Aim of the exercise:
Please give back, word for word, each line from the start of the entries through the one in which "move=> s_ge0 mp_ge0 mm_ge0 H" is found.

Exercise input:
Lemma magnetically_stable_of_Bc2 {psi psi1 psi2 : R -> R} : H02 psi psi1 psi2 ->
  (Bc2 g rp rm <= (`|B| ^+ 2)%:E)%E -> magnetically_stable psi psi1 psi2.
Proof.
by move=> H Bc2_le; apply: magnetically_stable_of_gap_le0; exact: magnetic_gap_le0 H Bc2_le.
Qed.

Lemma magnetically_stable_of_xivc2 {psi psi1 psi2 : R -> R} : H02 psi psi1 psi2 ->
  ((xi ^+ 2)%:E <= xivc2 g rp rm B)%E -> magnetically_stable psi psi1 psi2.
Proof.
move=> H xi_le; have [gap_le0|gap_gt0] := lerP (magnetic_gap psi psi1) 0.
  exact: magnetically_stable_of_gap_le0.
have : (xivc2 g rp rm B <=
    (`|B| ^+ 2 * int11 (fun x => psi2 x ^+ 2) / magnetic_gap psi psi1)%:E)%E.
  by apply: ereal_inf_lbound; exists psi, psi1, psi2.
by move=> /(le_trans xi_le); rewrite lee_fin ler_pdivlMr.
Qed.

Lemma Efun_ge0 (s : R) {psi psi1 psi2 : R -> R} : 0 <= s -> 0 <= mp -> 0 <= mm ->
  H02 psi psi1 psi2 -> magnetically_stable psi psi1 psi2 -> 0 <= Efun s psi psi1 psi2.
Proof.
move=> s_ge0 mp_ge0 mm_ge0 H stable; rewrite Efun_decomp //.
have := mulr_ge0 s_ge0 (viscous_energy_ge0 psi psi1 psi2 mp_ge0 mm_ge0).
by move: stable; rewrite /magnetically_stable; lra.
Qed.

Lemma Efun_lt0_small {psi psi1 psi2 : R -> R} : 0 <= mp -> 0 <= mm ->
  H02 psi psi1 psi2 -> ~ magnetically_stable psi psi1 psi2 ->
  exists s0, 0 < s0 /\ forall s, s <= s0 -> Efun s psi psi1 psi2 < 0.
Proof.
move=> mp_ge0 mm_ge0 H /negP; rewrite -ltNge -subr_gt0.
set N := _ - _ => N_gt0; set V := viscous_energy psi psi1 psi2.
have V_ge0 : 0 <= V by exact: viscous_energy_ge0.
have V1_gt0 : 0 < V + 1 by rewrite ltr_wpDl.
exists (N / (V + 1)); split => [|s s_le]; first by rewrite divr_gt0.
have : s * V <= N / (V + 1) * V by rewrite ler_wpM2r.
have : N / (V + 1) * V < N.
  by rewrite -[X in _ < X](divfK (lt0r_neq0 V1_gt0)) ltr_pM2l ?divr_gt0 ?ltrDl.
rewrite Efun_decomp // -/V /N; lra.
Qed.

Lemma alpha_ge0 (s : R) : 0 <= s -> 0 <= mp -> 0 <= mm ->
  (forall psi psi1 psi2, H02 psi psi1 psi2 -> magnetically_stable psi psi1 psi2) ->
  (0%:E <= alpha g rp rm mp mm B xi s)%E.
Proof.
move=> s_ge0 mp_ge0 mm_ge0 stable.
apply: le_ereal_inf_tmp => _ [psi [psi1 [psi2 [H [_ ->]]]]].
by rewrite lee_fin; apply: Efun_ge0 => //; exact: stable.
Qed.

Problem solution:
Lemma magnetically_stable_of_Bc2 {psi psi1 psi2 : R -> R} : H02 psi psi1 psi2 ->
  (Bc2 g rp rm <= (`|B| ^+ 2)%:E)%E -> magnetically_stable psi psi1 psi2.
Proof.
by move=> H Bc2_le; apply: magnetically_stable_of_gap_le0; exact: magnetic_gap_le0 H Bc2_le.
Qed.

Lemma magnetically_stable_of_xivc2 {psi psi1 psi2 : R -> R} : H02 psi psi1 psi2 ->
  ((xi ^+ 2)%:E <= xivc2 g rp rm B)%E -> magnetically_stable psi psi1 psi2.
Proof.
move=> H xi_le; have [gap_le0|gap_gt0] := lerP (magnetic_gap psi psi1) 0.
  exact: magnetically_stable_of_gap_le0.
have : (xivc2 g rp rm B <=
    (`|B| ^+ 2 * int11 (fun x => psi2 x ^+ 2) / magnetic_gap psi psi1)%:E)%E.
  by apply: ereal_inf_lbound; exists psi, psi1, psi2.
by move=> /(le_trans xi_le); rewrite lee_fin ler_pdivlMr.
Qed.

Lemma Efun_ge0 (s : R) {psi psi1 psi2 : R -> R} : 0 <= s -> 0 <= mp -> 0 <= mm ->
  H02 psi psi1 psi2 -> magnetically_stable psi psi1 psi2 -> 0 <= Efun s psi psi1 psi2.
Proof.
move=> s_ge0 mp_ge0 mm_ge0 H stable; rewrite Efun_decomp //.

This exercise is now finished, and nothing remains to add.